[Opening Listed entries section]

(* Let $G$ be a tree on vertex set $[n]$ with $m$ internal (non-leaf) vertices and maximum path length $p$ (the number of edges of a longest path in $G$). Let $\mathrm{CIM}_G=\operatorname{conv}\left(c_\mathcal{G}\colon \mathcal{G}\text{ a DAG on }[n]\text{ with skeleton } G\right)$. Then $\left\lfloor \frac{p}{2}\right\rfloor\leq \operatorname{diam}(\mathrm{CIM}_G)\leq m$.
   Context: For a directed acyclic graph (DAG) $\mathcal{G}$ on vertex set $[n]=\{1,\dots,n\}$, the characteristic imset $c_\mathcal{G}$ is the 0/1-vector indexed by the subsets $S\subseteq[n]$ with $|S|\geq 2$, with $c_\mathcal{G}(S)=1$ if there exists $i\in S$ such that $S\subseteq \mathrm{pa}_\mathcal{G}(i)\cup\{i\}$ (where $\mathrm{pa}_\mathcal{G}(i)$ is the set of parents of $i$), and $c_\mathcal{G}(S)=0$ otherwise. The skeleton of a DAG is the undirected graph with the same vertices and adjacencies. For a polytope $P$, the vertex-edge graph $G(P)$ has the vertices of $P$ as nodes, with two vertices adjacent iff their convex hull is an edge of $P$; $\operatorname{diam}(P)$ is the maximum over pairs of vertices of the length of a shortest path between them in $G(P)$. *)

From HB Require Import structures.
From mathcomp Require Import all_boot all_order all_algebra.
Set Implicit Arguments. Unset Strict Implicit. Unset Printing Implicit Defensive.
Import Order.TTheory GRing.Theory Num.Theory.
Local Open Scope ring_scope.

Definition simple_graph (n : nat) (G : rel 'I_n) : Prop :=
  (forall x y, G x y = G y x) /\ (forall x, ~~ G x x).

Definition is_tree (n : nat) (G : rel 'I_n) : Prop :=
  simple_graph G /\ (0 < n)%N /\
  (forall x y, connect G x y) /\
  (forall s : seq 'I_n, uniq s -> (3 <= size s)%N -> ~~ cycle G s).

Definition num_internal (n : nat) (G : rel 'I_n) : nat :=
  #|[set v : 'I_n | (2 <= #|[set u | G v u]|)%N]|.

Definition longest_path_length (n : nat) (G : rel 'I_n) (p : nat) : Prop :=
  (exists (x : 'I_n) (s : seq 'I_n), uniq (x :: s) /\ path G x s /\ size s = p) /\
  (forall (x : 'I_n) (s : seq 'I_n), uniq (x :: s) -> path G x s -> (size s <= p)%N).

(* D x y means an arrow x -> y; acyclic = no directed cycle *)
Definition is_dag (n : nat) (D : rel 'I_n) : Prop :=
  forall x y, D x y -> ~~ connect D y x.

Definition has_skeleton (n : nat) (D G : rel 'I_n) : Prop :=
  forall x y, G x y = D x y || D y x.

Definition parents (n : nat) (D : rel 'I_n) (i : 'I_n) : {set 'I_n} :=
  [set j | D j i].

Definition imset_idx (n : nat) := {S : {set 'I_n} | (1 < #|S|)%N}.

Definition point (R : realFieldType) (n : nat) := {ffun imset_idx n -> R}.

Definition char_imset (R : realFieldType) (n : nat) (D : rel 'I_n) : point R n :=
  [ffun S : imset_idx n =>
     if [exists i in val S, val S \subset (parents D i :|: [set i])] then 1 else 0].

(* the (finite) generating set of CIM_G *)
Definition CIM_pts (R : realFieldType) (n : nat) (G : rel 'I_n) (x : point R n) : Prop :=
  exists D : rel 'I_n, is_dag D /\ has_skeleton D G /\ x = char_imset R D.

Definition dotp (R : realFieldType) (n : nat) (w x : point R n) : R :=
  \sum_(S : imset_idx n) w S * x S.

Definition in_segment (R : realFieldType) (n : nat) (u v y : point R n) : Prop :=
  exists t : R, 0 <= t <= 1 /\ y = [ffun S => t * u S + (1 - t) * v S].

Definition poly_vertex (R : realFieldType) (n : nat) (V : point R n -> Prop)
  (x : point R n) : Prop :=
  V x /\ exists w : point R n, forall y, V y -> y <> x -> dotp w y < dotp w x.

Definition poly_edge (R : realFieldType) (n : nat) (V : point R n -> Prop)
  (u v : point R n) : Prop :=
  poly_vertex V u /\ poly_vertex V v /\ u <> v /\
  exists w : point R n,
    dotp w u = dotp w v /\
    (forall y, V y -> dotp w y <= dotp w u) /\
    (forall y, V y -> dotp w y = dotp w u -> in_segment u v y).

[Closing Listed entries section]

* _Problem to work on_: Keeping every character as it is, restate the lines above that run from the line with "(exists (x : 'I_n)" through the line with "Definition poly_vertex (R", both included, and nothing else.

* _Task result_:
  (exists (x : 'I_n) (s : seq 'I_n), uniq (x :: s) /\ path G x s /\ size s = p) /\
  (forall (x : 'I_n) (s : seq 'I_n), uniq (x :: s) -> path G x s -> (size s <= p)%N).

(* D x y means an arrow x -> y; acyclic = no directed cycle *)
Definition is_dag (n : nat) (D : rel 'I_n) : Prop :=
  forall x y, D x y -> ~~ connect D y x.

Definition has_skeleton (n : nat) (D G : rel 'I_n) : Prop :=
  forall x y, G x y = D x y || D y x.

Definition parents (n : nat) (D : rel 'I_n) (i : 'I_n) : {set 'I_n} :=
  [set j | D j i].

Definition imset_idx (n : nat) := {S : {set 'I_n} | (1 < #|S|)%N}.

Definition point (R : realFieldType) (n : nat) := {ffun imset_idx n -> R}.

Definition char_imset (R : realFieldType) (n : nat) (D : rel 'I_n) : point R n :=
  [ffun S : imset_idx n =>
     if [exists i in val S, val S \subset (parents D i :|: [set i])] then 1 else 0].

(* the (finite) generating set of CIM_G *)
Definition CIM_pts (R : realFieldType) (n : nat) (G : rel 'I_n) (x : point R n) : Prop :=
  exists D : rel 'I_n, is_dag D /\ has_skeleton D G /\ x = char_imset R D.

Definition dotp (R : realFieldType) (n : nat) (w x : point R n) : R :=
  \sum_(S : imset_idx n) w S * x S.

Definition in_segment (R : realFieldType) (n : nat) (u v y : point R n) : Prop :=
  exists t : R, 0 <= t <= 1 /\ y = [ffun S => t * u S + (1 - t) * v S].

Definition poly_vertex (R : realFieldType) (n : nat) (V : point R n -> Prop)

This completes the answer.